Kirche setzt Sprachpolizei auf «den:die Seelsorger:in» an
Kirche setzt Sprachpolizei auf «den:die Seelsorger:in» an
Die Katholische Kirche Stadt Luzern kommuniziert neuerdings «vielfaltbewusst». Dabei überspannt sie den Bogen bis ins Absurde.
«Der:die Seelsorger:in ist ein:e engagierte:r Mitarbeiter:in»: Was sich wie ein Scherz liest, ist für die katholische Kirchgemeinde Stadt Luzern purer Ernst. Seit Mitte Februar gelten dort neue Sprachregeln, an die sich sämtliche Mitarbeitenden zu halten haben. Sobald von Menschen und Funktionen die Rede ist, muss zwingend ein Doppelpunkt verwendet werden – nicht nur beim Hauptwort, sondern auch bei Pronomen und Adjektiven. Selbst geschlechtsneutrale Formen wie «Seelsorgende» sind tabu, denn diese würden die «Vielfalt nicht sichtbar» machen, wie es im Leitfaden «Vielfaltbewusste Sprache» heisst.
Nur der Doppelpunkt, so klärt uns besagter Leitfaden auf, mache sämtliche Geschlechter von Frau bis Mann sichtbar.
Tabu ist gemäss dem Leitfaden neuerdings auch die Formulierung «Mädchen und Buben». Gemäss Luzern-katholischer Lehre ist ab sofort nur noch «Kinder» oder «Jugendliche» erlaubt. Auch die «Eltern» verschwinden aus dem kirchlichen Sprachgebrauch – es könnte diskriminierend wirken auf Erziehungsberechtigte, die keine biologischen Eltern sind.
Die katholische Kirche Stadt Luzern belässt es nicht nur bei Schreibregeln. Sie will auch, dass ihre Mitarbeitenden so sprechen. Es ist zwar keine Vorschrift, doch wird es allen empfohlen, beim Sprechen den Doppelpunkt mit einer kurzen Pause hörbar zu machen. Wenn die Sonntagspredigt nun plötzlich länger dauert, könnte dies also an den vielen Doppelpunkten liegen.
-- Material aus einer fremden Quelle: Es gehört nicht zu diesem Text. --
Lemma hb_admissible_chain_inf (A : set (X -> R)) q0 : A q0 ->
  (forall q, A q -> hb_admissible q) ->
  total_on A (fun q1 q2 => forall z, q1 z <= q2 z) ->
  hb_admissible (fun z => inf [set q z | q in A]).
Proof.
move=> Aq0 Aadm Atot; pose m z := inf [set q z | q in A].
have mle q z : A q -> m z <= q z.
  move=> Aq; apply: ge_inf; last by exists q.
  by exists (- `|z|) => _ [p Ap <-]; exact: hb_admissible_ge (Aadm p Ap).
have mge z c : (forall q, A q -> c <= q z) -> c <= m z.
  move=> h; apply: lb_le_inf; first by exists (q0 z), q0.
  by move=> _ [q Aq <-]; exact: h.
have [[q0D q0Z] q0n q0x] := Aadm q0 Aq0.
split; first split.
- move=> a b; have h q1 q2 : A q1 -> A q2 -> m (a + b) <= q1 a + q2 b.
    move=> Aq1 Aq2; have [[q1D _] _ _] := Aadm q1 Aq1; have [[q2D _] _ _] := Aadm q2 Aq2.
    case: (Atot q1 q2 Aq1 Aq2) => hq.
    + by apply: le_trans (mle q1 _ Aq1) _; apply: le_trans (q1D a b) _; rewrite lerD2l hq.
    + by apply: le_trans (mle q2 _ Aq2) _; apply: le_trans (q2D a b) _; rewrite lerD2r hq.
  suff : m (a + b) - m b <= m a by lra.
  apply: (mge) => q1 Aq1; rewrite lerBlDr addrC -lerBlDl.
  by apply: (mge) => q2 Aq2; rewrite lerBlDl addrC; exact: h.
- move=> t x t0; have [->|tn0] := eqVneq t 0.
    rewrite scale0r mul0r; apply: le_trans (mle q0 _ Aq0) _.
    by rewrite (sublinear0 (conj q0D q0Z)).
  have tp : 0 < t by rewrite lt_def tn0.
  rewrite -ler_pdivrMl //; apply: (mge) => q Aq; rewrite ler_pdivrMl //.
  by apply: le_trans (mle q _ Aq) _; have [[_ qZ] _ _] := Aadm q Aq; exact: qZ.
- by move=> z; exact: le_trans (mle q0 _ Aq0) (q0n z).
- exact: le_trans (mle q0 _ Aq0) q0x.
Qed.
(* Let $\sigma$ be the substitution on $\{0,1\}$ given by $\sigma(0)=01$, $\sigma(1)=00$, let $X_\sigma\subset\{0,1\}^{\mathbb Z}$ be its subshift with shift map $S$, and let $T(x,z)=(Sx,z+1)$ on $X_\sigma\times\mathbb Z_3$. Then the minimal Cantor system $(X_\sigma\times\mathbb Z_3,T)$ is self-induced.
   Context: $X_\sigma$ is the set of bi-infinite sequences over $\{0,1\}$ all of whose finite subwords are subwords of $\sigma^k(a)$ for some letter $a$ and $k\ge1$; $S(x)_i=x_{i+1}$; $\mathbb Z_3$ is the $3$-adic integers. The system $(X_\sigma\times\mathbb Z_3,T)$ is a minimal Cantor system (a fact established separately in the paper). A minimal Cantor system $(X,T)$ is self-induced if there is a nonempty clopen proper $U\subsetneq X$ such that $(U,T_U)$, $T_U(x)=T^{r_U(x)}x$ with $r_U(x)=\inf\{n>0:T^nx\in U\}$, is topologically conjugate to $(X,T)$. *)

From HB Require Import structures.
From mathcomp Require Import all_boot all_order all_algebra.
From mathcomp Require Import all_classical all_reals all_analysis.
Set Implicit Arguments. Unset Strict Implicit. Unset Printing Implicit Defensive.
Import Order.TTheory GRing.Theory Num.Theory.
Local Open Scope classical_set_scope.

(* The substitution sigma on {0,1} = bool (false = 0, true = 1):
   sigma(0) = 01, sigma(1) = 00, extended to words as a monoid morphism. *)
Definition sigma_letter (b : bool) : seq bool :=
  if b then [:: false; false] else [:: false; true].
Definition sigma_word (w : seq bool) : seq bool := flatten (map sigma_letter w).
Definition sigma_iter (k : nat) (a : bool) : seq bool := iter k sigma_word [:: a].

Notation biseq := {ptws int -> bool}.

Definition subword (x : biseq) (i : int) (n : nat) : seq bool :=
  [seq x (i + (j%:Z))%R | j <- iota 0 n].

Definition X_sigma : set biseq :=
  [set x | forall (i : int) (n : nat),
     exists (a : bool) (k : nat), (1 <= k)%N /\ infix (subword x i n) (sigma_iter k a)].

Definition shift (x : biseq) : biseq := fun i => x (i + 1)%R.

(* 3-adic integers, represented by their digit sequences z = sum_n z_n 3^n,
   with the product (of discrete) topology. *)
Notation Z3 := {ptws nat -> discrete_topology 'I_3}.

(* z |-> z + 1 in Z_3 (odometer): digit n is incremented mod 3 exactly when
   all lower digits are 2 (carry). *)
Definition Z3_succ (z : Z3) : Z3 := fun n =>
  if [forall m : 'I_n, nat_of_ord (z (nat_of_ord m)) == 2%N]
  then (inord ((z n).+1 %% 3) : 'I_3)
  else z n.

Definition Tmap (p : biseq * Z3) : biseq * Z3 := (shift p.1, Z3_succ p.2).
Definition Xspace : set (biseq * Z3) := [set p | X_sigma p.1].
Doch irgendwann kommt auch die abenteuerlichste Sprachakrobatik an ihre Grenzen. Beim Genitiv («Empfehlung eines:r Mitarbeiters:in») müssen selbst die katholischen Sprachwächter:innen Forfait geben: In diesem Fall solle man einfach von einer «mitarbeitenden Person» sprechen. Auch das am Anfang dieses Artikels erwähnte Beispiel könnte ein Grenzfall sein: Wenn ein Satz derart unleserlich wird, dann dürfe man ausnahmsweise auch von der Sprachregel abweichen. Aber Achtung: «Die Messlatte setzen wir möglichst hoch an», wie es unmissverständlich heisst.
Mit diesen rigiden Vorschriften schiesst die Kirche völlig übers Ziel hinaus. Dass es auch vernünftig geht, zeigt die Luzerner Stadtverwaltung, die neuerdings ebenfalls Genderzeichen benutzt – gleichzeitig aber zur sparsamen Verwendung mahnt. Wenn man's nämlich mit den Sternchen und Doppelpunkten allzu arg übertreibe, riskiere man, Menschen mit Leseschwäche zu überfordern. Dann wird die angebliche Inklusion zum Eigentor.
Quizfrage zum Schluss: Muss man jetzt auch «Priester:in» schreiben? Ausgerechnet dieses Beispiel fehlt im katholischen Leitfaden. Das beweist, dass die Kirche in Sachen Inklusion eigentlich dringendere Baustellen hätte.